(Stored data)
|---|

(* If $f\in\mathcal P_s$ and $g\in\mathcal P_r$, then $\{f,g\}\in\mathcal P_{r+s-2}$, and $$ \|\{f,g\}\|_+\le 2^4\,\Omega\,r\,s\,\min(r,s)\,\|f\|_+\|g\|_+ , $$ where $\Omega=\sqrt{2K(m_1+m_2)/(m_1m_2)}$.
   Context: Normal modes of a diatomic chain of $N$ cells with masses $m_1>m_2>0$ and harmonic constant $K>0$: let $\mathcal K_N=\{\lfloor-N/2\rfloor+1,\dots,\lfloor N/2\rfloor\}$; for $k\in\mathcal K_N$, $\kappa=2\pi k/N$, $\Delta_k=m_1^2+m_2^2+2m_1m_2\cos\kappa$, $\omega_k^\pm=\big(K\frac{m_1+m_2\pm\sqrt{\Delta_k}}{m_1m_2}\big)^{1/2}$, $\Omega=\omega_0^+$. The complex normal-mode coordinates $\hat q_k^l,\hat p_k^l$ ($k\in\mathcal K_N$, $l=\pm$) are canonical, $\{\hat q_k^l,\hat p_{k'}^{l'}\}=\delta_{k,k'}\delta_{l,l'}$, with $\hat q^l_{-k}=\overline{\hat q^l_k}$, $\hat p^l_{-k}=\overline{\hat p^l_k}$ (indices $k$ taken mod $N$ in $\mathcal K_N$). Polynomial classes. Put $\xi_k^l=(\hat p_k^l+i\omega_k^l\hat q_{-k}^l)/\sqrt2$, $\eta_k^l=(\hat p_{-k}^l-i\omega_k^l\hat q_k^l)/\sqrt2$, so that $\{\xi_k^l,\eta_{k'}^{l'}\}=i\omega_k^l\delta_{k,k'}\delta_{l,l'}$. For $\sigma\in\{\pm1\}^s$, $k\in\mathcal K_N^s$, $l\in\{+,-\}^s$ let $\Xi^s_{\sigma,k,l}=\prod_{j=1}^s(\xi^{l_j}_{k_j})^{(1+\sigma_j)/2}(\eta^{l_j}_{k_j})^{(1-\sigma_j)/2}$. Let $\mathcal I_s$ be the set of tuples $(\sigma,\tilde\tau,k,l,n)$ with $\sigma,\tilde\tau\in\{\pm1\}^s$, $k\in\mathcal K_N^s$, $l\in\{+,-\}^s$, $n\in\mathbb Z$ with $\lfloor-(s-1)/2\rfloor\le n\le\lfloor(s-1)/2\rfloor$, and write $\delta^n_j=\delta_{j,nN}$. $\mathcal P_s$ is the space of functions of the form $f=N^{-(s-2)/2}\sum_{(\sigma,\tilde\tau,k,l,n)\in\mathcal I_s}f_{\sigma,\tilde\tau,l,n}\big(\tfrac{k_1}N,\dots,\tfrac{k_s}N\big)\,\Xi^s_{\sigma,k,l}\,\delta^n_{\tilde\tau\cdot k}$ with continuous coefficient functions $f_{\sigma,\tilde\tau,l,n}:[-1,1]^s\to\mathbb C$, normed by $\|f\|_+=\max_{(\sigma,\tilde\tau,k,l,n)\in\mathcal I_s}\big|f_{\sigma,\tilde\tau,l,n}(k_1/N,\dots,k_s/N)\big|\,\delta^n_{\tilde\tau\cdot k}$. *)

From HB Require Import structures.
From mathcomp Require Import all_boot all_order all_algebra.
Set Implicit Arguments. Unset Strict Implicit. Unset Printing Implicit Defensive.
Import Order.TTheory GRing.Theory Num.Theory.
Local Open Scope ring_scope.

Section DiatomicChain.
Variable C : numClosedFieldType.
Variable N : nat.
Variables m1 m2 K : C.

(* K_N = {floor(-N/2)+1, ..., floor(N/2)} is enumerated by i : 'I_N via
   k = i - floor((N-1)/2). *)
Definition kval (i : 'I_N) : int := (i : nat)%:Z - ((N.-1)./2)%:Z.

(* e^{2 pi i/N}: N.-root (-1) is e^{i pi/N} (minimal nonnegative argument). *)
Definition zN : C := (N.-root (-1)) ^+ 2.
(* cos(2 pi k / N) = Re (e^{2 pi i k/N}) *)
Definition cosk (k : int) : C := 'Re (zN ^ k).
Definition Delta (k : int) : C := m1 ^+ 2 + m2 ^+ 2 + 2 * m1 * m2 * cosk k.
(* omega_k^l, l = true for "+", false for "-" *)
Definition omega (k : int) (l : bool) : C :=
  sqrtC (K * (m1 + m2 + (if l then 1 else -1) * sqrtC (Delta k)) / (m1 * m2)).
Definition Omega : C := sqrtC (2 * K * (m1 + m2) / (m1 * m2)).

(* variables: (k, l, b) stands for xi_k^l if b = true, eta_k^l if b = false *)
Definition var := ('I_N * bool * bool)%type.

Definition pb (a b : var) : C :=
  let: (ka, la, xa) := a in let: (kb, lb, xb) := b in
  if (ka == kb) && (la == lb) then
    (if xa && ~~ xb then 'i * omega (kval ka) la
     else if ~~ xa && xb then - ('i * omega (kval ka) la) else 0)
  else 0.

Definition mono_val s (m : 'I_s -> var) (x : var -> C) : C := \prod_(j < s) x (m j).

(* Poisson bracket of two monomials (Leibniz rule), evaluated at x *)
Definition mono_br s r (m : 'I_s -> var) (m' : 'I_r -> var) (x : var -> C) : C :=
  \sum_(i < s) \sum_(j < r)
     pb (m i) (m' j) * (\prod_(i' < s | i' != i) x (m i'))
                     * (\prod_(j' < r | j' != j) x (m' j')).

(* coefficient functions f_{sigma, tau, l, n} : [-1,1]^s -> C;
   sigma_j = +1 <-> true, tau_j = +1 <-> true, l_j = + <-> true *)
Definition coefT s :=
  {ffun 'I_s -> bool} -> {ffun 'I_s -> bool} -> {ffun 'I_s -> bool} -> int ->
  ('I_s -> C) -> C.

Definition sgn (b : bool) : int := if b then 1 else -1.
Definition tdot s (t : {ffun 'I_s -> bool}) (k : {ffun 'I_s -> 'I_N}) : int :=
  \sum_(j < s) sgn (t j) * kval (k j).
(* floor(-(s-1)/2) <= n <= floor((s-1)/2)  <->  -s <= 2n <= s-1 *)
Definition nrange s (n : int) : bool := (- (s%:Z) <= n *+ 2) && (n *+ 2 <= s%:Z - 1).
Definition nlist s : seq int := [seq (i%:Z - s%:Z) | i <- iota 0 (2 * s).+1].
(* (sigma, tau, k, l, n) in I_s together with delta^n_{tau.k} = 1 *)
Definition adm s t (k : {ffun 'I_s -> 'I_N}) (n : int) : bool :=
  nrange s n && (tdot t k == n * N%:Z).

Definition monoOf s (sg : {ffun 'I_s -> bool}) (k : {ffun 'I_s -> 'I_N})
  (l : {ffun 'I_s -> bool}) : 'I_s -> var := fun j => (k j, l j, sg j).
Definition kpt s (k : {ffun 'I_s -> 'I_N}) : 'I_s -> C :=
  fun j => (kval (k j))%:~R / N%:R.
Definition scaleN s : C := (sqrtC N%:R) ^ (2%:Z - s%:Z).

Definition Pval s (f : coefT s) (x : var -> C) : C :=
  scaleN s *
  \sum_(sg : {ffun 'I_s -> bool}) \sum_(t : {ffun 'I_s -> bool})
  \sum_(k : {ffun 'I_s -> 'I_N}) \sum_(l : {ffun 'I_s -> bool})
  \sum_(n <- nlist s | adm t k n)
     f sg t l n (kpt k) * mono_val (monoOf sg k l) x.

|---|

Please give the number of lines in the data above that contain the word "coefT", with nothing else.

2